What the task asks
Check each line of the data for "given", and copy the ones that have it.
►
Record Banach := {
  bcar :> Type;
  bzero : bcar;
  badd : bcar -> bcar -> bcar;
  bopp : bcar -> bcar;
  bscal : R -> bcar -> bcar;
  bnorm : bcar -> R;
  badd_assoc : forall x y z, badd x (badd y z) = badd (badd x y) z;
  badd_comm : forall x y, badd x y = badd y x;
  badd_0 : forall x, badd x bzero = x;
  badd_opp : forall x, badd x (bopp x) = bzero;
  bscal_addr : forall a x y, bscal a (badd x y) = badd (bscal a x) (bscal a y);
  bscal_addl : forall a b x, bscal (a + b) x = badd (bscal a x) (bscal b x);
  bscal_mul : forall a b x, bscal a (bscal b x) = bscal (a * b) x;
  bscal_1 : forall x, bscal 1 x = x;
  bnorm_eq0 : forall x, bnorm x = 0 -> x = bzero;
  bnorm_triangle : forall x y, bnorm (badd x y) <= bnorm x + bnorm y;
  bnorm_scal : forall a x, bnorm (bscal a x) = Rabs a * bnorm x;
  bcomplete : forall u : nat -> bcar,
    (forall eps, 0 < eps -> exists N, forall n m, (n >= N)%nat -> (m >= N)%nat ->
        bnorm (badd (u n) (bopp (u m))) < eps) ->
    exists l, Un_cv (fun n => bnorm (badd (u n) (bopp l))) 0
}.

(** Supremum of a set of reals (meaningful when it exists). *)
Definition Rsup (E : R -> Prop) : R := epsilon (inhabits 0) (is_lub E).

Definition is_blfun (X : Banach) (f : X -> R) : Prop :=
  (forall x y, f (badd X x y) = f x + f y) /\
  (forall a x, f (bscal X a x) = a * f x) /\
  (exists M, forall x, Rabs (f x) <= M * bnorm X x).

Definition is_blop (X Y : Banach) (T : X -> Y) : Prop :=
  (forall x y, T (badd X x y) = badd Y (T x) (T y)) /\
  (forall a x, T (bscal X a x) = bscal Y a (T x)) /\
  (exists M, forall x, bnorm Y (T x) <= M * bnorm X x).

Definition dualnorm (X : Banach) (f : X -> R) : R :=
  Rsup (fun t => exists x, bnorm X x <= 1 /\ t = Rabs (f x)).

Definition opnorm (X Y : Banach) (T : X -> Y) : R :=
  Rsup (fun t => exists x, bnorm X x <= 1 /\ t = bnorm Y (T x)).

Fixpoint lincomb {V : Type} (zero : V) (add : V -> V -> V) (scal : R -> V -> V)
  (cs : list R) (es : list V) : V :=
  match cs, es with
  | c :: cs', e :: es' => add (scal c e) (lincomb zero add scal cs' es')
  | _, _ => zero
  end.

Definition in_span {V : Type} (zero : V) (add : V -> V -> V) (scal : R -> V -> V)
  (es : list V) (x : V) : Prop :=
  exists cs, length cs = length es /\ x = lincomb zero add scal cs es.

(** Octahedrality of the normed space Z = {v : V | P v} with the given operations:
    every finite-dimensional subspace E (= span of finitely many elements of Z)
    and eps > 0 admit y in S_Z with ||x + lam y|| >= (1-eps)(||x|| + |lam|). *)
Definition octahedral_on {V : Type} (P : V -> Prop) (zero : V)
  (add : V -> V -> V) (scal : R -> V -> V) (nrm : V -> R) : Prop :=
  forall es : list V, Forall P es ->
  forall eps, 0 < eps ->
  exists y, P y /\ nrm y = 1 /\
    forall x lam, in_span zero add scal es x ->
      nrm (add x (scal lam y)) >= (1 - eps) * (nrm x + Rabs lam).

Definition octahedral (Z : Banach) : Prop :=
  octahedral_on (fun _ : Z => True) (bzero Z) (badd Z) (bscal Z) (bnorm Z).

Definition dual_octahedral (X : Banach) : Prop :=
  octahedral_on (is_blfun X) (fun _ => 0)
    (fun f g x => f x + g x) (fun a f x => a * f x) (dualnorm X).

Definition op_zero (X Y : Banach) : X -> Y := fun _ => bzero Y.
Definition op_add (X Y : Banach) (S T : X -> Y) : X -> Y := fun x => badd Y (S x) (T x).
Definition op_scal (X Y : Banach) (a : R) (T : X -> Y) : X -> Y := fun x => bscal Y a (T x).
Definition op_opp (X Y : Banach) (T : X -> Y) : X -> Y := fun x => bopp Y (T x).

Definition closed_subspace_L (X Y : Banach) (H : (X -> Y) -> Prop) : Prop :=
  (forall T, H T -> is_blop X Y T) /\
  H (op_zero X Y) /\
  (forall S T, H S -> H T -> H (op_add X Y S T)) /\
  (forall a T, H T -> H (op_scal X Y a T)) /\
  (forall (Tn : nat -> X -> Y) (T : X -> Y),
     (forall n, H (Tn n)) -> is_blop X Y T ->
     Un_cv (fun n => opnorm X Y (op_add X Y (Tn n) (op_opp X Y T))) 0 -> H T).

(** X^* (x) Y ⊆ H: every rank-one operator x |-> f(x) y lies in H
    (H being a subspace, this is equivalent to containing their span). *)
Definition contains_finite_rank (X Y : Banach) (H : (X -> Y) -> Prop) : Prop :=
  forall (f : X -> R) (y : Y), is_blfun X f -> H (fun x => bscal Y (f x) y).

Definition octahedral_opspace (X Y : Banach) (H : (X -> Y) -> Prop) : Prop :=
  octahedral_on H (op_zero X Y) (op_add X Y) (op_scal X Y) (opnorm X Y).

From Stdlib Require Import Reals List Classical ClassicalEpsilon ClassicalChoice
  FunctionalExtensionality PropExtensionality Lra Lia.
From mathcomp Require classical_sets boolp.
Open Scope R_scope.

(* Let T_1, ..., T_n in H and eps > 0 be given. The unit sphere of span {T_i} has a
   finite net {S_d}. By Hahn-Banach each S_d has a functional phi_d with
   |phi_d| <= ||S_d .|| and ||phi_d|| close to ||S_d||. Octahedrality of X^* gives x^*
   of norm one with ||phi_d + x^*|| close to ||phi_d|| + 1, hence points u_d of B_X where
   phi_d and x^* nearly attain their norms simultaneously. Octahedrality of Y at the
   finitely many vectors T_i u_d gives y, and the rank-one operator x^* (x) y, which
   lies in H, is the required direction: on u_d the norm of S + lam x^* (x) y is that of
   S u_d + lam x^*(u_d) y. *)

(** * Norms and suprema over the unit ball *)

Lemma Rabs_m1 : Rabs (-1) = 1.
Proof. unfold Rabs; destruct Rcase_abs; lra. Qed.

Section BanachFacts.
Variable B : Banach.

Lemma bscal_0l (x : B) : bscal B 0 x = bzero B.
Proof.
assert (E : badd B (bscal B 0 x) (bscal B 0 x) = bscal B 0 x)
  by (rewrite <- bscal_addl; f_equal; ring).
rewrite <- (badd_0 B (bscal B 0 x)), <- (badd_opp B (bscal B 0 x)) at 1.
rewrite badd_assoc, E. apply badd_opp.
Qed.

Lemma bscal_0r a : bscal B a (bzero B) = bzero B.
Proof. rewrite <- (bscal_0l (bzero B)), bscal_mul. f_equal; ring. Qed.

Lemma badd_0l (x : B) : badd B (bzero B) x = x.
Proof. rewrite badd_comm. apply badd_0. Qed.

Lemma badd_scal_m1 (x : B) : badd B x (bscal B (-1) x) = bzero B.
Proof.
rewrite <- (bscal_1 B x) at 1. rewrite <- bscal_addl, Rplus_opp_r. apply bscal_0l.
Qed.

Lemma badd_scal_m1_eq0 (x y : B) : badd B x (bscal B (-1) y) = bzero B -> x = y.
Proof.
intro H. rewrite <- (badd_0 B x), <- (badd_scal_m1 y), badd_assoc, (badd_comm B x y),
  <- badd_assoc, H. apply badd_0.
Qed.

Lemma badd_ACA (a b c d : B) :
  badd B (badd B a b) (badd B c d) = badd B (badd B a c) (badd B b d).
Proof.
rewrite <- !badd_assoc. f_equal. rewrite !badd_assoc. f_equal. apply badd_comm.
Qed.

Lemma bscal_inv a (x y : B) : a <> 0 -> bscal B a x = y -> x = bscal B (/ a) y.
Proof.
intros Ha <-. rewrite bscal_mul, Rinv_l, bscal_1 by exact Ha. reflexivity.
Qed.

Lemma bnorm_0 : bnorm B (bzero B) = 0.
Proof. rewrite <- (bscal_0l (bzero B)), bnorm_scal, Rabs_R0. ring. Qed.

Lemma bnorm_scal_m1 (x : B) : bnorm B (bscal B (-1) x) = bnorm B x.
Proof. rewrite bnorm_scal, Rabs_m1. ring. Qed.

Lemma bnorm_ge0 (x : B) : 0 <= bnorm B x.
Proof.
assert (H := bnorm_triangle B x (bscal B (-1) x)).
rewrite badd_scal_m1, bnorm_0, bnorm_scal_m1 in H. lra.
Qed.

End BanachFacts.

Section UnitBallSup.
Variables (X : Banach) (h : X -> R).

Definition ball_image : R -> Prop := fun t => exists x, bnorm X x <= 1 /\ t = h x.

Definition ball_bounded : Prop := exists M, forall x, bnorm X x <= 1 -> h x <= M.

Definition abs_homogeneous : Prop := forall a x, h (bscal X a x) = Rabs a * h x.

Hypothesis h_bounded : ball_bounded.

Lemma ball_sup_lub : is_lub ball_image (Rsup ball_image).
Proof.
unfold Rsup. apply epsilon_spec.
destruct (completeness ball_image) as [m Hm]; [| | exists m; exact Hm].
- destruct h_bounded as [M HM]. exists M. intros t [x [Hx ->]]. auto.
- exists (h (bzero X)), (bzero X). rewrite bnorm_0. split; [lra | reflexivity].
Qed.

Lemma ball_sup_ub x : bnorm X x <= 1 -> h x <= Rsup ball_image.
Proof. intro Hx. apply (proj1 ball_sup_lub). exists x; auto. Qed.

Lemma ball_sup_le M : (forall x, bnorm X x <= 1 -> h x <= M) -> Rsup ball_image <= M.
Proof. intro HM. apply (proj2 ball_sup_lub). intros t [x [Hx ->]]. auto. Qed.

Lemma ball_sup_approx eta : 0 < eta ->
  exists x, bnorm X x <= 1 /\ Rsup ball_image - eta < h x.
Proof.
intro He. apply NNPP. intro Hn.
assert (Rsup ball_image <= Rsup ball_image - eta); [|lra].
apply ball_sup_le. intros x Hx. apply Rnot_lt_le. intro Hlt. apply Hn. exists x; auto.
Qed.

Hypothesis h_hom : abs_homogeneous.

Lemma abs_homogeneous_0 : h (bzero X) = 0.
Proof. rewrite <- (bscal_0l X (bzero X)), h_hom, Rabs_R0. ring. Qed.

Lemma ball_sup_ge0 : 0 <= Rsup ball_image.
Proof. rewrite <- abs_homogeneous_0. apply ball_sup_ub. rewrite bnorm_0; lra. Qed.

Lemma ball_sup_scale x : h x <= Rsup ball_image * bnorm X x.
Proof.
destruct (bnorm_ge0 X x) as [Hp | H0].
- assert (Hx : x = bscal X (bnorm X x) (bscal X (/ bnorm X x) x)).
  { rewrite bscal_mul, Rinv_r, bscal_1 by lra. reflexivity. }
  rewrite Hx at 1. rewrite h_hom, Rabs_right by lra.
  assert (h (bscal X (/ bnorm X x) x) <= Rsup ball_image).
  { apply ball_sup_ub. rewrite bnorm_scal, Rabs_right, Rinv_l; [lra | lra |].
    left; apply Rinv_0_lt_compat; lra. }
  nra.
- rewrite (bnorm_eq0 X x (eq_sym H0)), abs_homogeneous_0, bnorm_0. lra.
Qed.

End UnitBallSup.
◄
Output for this task
(** Octahedrality of the normed space Z = {v : V | P v} with the given operations:
(* Let T_1, ..., T_n in H and eps > 0 be given. The unit sphere of span {T_i} has a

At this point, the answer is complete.